**TASK REQUIREMENTS**:
Working from the listing below, set down every line exactly.

**GIVEN INFORMATION**:
Lemma real_homotopic_contiguous : real_homotopic K K' f g.
Proof.
exists (line_homotopy f g); split.
- by move=> x _; apply/funext => l'; rewrite /line_homotopy mul0r addr0.
- by move=> x _; apply/funext => l'; rewrite /line_homotopy mul1r addrC subrK.
- move=> s x s01 [σ Kσ px].
  have [τ Kτ Hτ] := line_homotopy_simplexwise Kσ (simplex_pt_neq0 px).
  by exists τ => //; exact: Hτ.
move=> V oV s x s01 [σ Kσ px] Vx.
have [η η0 Hη] := line_homotopy_near oV Kσ px s01 Vx.
have η2 : η / 2 < η by rewrite ltr_pdivrMr // ltr_pMr // ltr1n.
exists (η / 2), [set x' | forall s', 0 <= s' <= 1 -> `|s - s'| <= η / 2 ->
                                     V (line_homotopy f g s' x')].
split=> [||s' s'01 ss'|s' x' s'01 ss' _ Ux'].
- by rewrite divr_gt0.
- exact: real_open_line_homotopy_sweep.
- by apply: Hη => // [|l _]; [exact: le_lt_trans ss' η2|rewrite subrr normr0].
- exact: Ux' (ltW ss').
Qed.

End LineHomotopy.

End Realization.

Section RipsComplex.
Variable R : realType.

Definition maps_nerve (L L' W W' : Type) (C : L -> L' -> Prop)
    (Lam : L -> W -> \bar R) (t : \bar R)
    (Lam' : L' -> W' -> \bar R) (u : \bar R) :=
  forall σ, dowker_nerve Lam t σ -> σ !=set0 ->
    [/\ finite_set (rel_image C σ), rel_image C σ !=set0 &
        dowker_nerve Lam' u (rel_image C σ)].

Definition rel_comp (A B D : Type) (C : A -> B -> Prop) (C' : B -> D -> Prop) :
    A -> D -> Prop :=
  fun a d => exists2 b, C a b & C' b d.

Lemma rel_image_comp (A B D : Type) (C : A -> B -> Prop) (C' : B -> D -> Prop)
    (σ : set A) :
  rel_image (rel_comp C C') σ = rel_image C' (rel_image C σ).
Proof.
apply/seteqP; split=> d.
  by case=> a σa [b Cab C'bd]; exists b => //; exists a.
by case=> b [a σa Cab] C'bd; exists a => //; exists b.
Qed.

Lemma dowker_nerve_le (L W : Type) (Lam : L -> W -> \bar R) (t u : \bar R)
    (σ : set L) :
  (t <= u)%E -> dowker_nerve Lam t σ -> dowker_nerve Lam u σ.
Proof.
move=> tu [fσ [w hw]]; split=> //; exists w => l σl.
exact: lt_le_trans (hw l σl) tu.
Qed.

Lemma dowker_nerve_sub (L W : Type) (Lam : L -> W -> \bar R) (t : \bar R)
    (σ τ : set L) :
  finite_set τ -> τ `<=` σ -> dowker_nerve Lam t σ -> dowker_nerve Lam t τ.
Proof. by move=> fτ τσ [_ [w hw]]; split=> //; exists w => l /τσ /hw. Qed.

Lemma maps_nerve_le (L L' W W' : Type) (C : L -> L' -> Prop)
    (Lam : L -> W -> \bar R) (Lam' : L' -> W' -> \bar R) (t u u' : \bar R) :
  (u <= u')%E -> maps_nerve C Lam t Lam' u -> maps_nerve C Lam t Lam' u'.
Proof.
move=> uu' hC σ nσ σ0; have [fσ' σ'0 nσ'] := hC σ nσ σ0.
by split=> //; exact: dowker_nerve_le uu' nσ'.
Qed.

Lemma maps_nerve_comp (L L' L2 W W' W2 : Type) (C : L -> L' -> Prop)
    (C' : L' -> L2 -> Prop) (Lam : L -> W -> \bar R) (Lam' : L' -> W' -> \bar R)
    (Lam2 : L2 -> W2 -> \bar R) (t u v : \bar R) :
  maps_nerve C Lam t Lam' u -> maps_nerve C' Lam' u Lam2 v ->
  maps_nerve (rel_comp C C') Lam t Lam2 v.
Proof.
move=> hC hC' σ nσ σ0; rewrite rel_image_comp.
by have [_ σ'0 nσ'] := hC σ nσ σ0; exact: hC'.
Qed.

Lemma card_le2_pair (T : Type) (a b : T) : card_le2 [set a; b].
Proof.
move=> x y z /= [->|->] [->|->] [->|->];
  first [by left | by right; left | by right; right].
Qed.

**WRITTEN RESPONSE**:
Lemma real_homotopic_contiguous : real_homotopic K K' f g.
Proof.
exists (line_homotopy f g); split.
- by move=> x _; apply/funext => l'; rewrite /line_homotopy mul0r addr0.
- by move=> x _; apply/funext => l'; rewrite /line_homotopy mul1r addrC subrK.
- move=> s x s01 [σ Kσ px].
  have [τ Kτ Hτ] := line_homotopy_simplexwise Kσ (simplex_pt_neq0 px).
  by exists τ => //; exact: Hτ.
move=> V oV s x s01 [σ Kσ px] Vx.
have [η η0 Hη] := line_homotopy_near oV Kσ px s01 Vx.
have η2 : η / 2 < η by rewrite ltr_pdivrMr // ltr_pMr // ltr1n.
exists (η / 2), [set x' | forall s', 0 <= s' <= 1 -> `|s - s'| <= η / 2 ->
                                     V (line_homotopy f g s' x')].
split=> [||s' s'01 ss'|s' x' s'01 ss' _ Ux'].
- by rewrite divr_gt0.
- exact: real_open_line_homotopy_sweep.
- by apply: Hη => // [|l _]; [exact: le_lt_trans ss' η2|rewrite subrr normr0].
- exact: Ux' (ltW ss').
Qed.

End LineHomotopy.

End Realization.

Section RipsComplex.
Variable R : realType.

Definition maps_nerve (L L' W W' : Type) (C : L -> L' -> Prop)
    (Lam : L -> W -> \bar R) (t : \bar R)
    (Lam' : L' -> W' -> \bar R) (u : \bar R) :=
  forall σ, dowker_nerve Lam t σ -> σ !=set0 ->
    [/\ finite_set (rel_image C σ), rel_image C σ !=set0 &
        dowker_nerve Lam' u (rel_image C σ)].

Definition rel_comp (A B D : Type) (C : A -> B -> Prop) (C' : B -> D -> Prop) :
    A -> D -> Prop :=
  fun a d => exists2 b, C a b & C' b d.

Lemma rel_image_comp (A B D : Type) (C : A -> B -> Prop) (C' : B -> D -> Prop)
    (σ : set A) :
  rel_image (rel_comp C C') σ = rel_image C' (rel_image C σ).
Proof.
apply/seteqP; split=> d.
  by case=> a σa [b Cab C'bd]; exists b => //; exists a.
by case=> b [a σa Cab] C'bd; exists a => //; exists b.
Qed.

Lemma dowker_nerve_le (L W : Type) (Lam : L -> W -> \bar R) (t u : \bar R)
    (σ : set L) :
  (t <= u)%E -> dowker_nerve Lam t σ -> dowker_nerve Lam u σ.
Proof.
move=> tu [fσ [w hw]]; split=> //; exists w => l σl.
exact: lt_le_trans (hw l σl) tu.
Qed.

Lemma dowker_nerve_sub (L W : Type) (Lam : L -> W -> \bar R) (t : \bar R)
    (σ τ : set L) :
  finite_set τ -> τ `<=` σ -> dowker_nerve Lam t σ -> dowker_nerve Lam t τ.
Proof. by move=> fτ τσ [_ [w hw]]; split=> //; exists w => l /τσ /hw. Qed.

Lemma maps_nerve_le (L L' W W' : Type) (C : L -> L' -> Prop)
    (Lam : L -> W -> \bar R) (Lam' : L' -> W' -> \bar R) (t u u' : \bar R) :
  (u <= u')%E -> maps_nerve C Lam t Lam' u -> maps_nerve C Lam t Lam' u'.
Proof.
move=> uu' hC σ nσ σ0; have [fσ' σ'0 nσ'] := hC σ nσ σ0.
by split=> //; exact: dowker_nerve_le uu' nσ'.
Qed.

Lemma maps_nerve_comp (L L' L2 W W' W2 : Type) (C : L -> L' -> Prop)
    (C' : L' -> L2 -> Prop) (Lam : L -> W -> \bar R) (Lam' : L' -> W' -> \bar R)
    (Lam2 : L2 -> W2 -> \bar R) (t u v : \bar R) :
  maps_nerve C Lam t Lam' u -> maps_nerve C' Lam' u Lam2 v ->
  maps_nerve (rel_comp C C') Lam t Lam2 v.
Proof.
move=> hC hC' σ nσ σ0; rewrite rel_image_comp.
by have [_ σ'0 nσ'] := hC σ nσ σ0; exact: hC'.
Qed.

Lemma card_le2_pair (T : Type) (a b : T) : card_le2 [set a; b].
Proof.
move=> x y z /= [->|->] [->|->] [->|->];
  first [by left | by right; left | by right; right].
Qed.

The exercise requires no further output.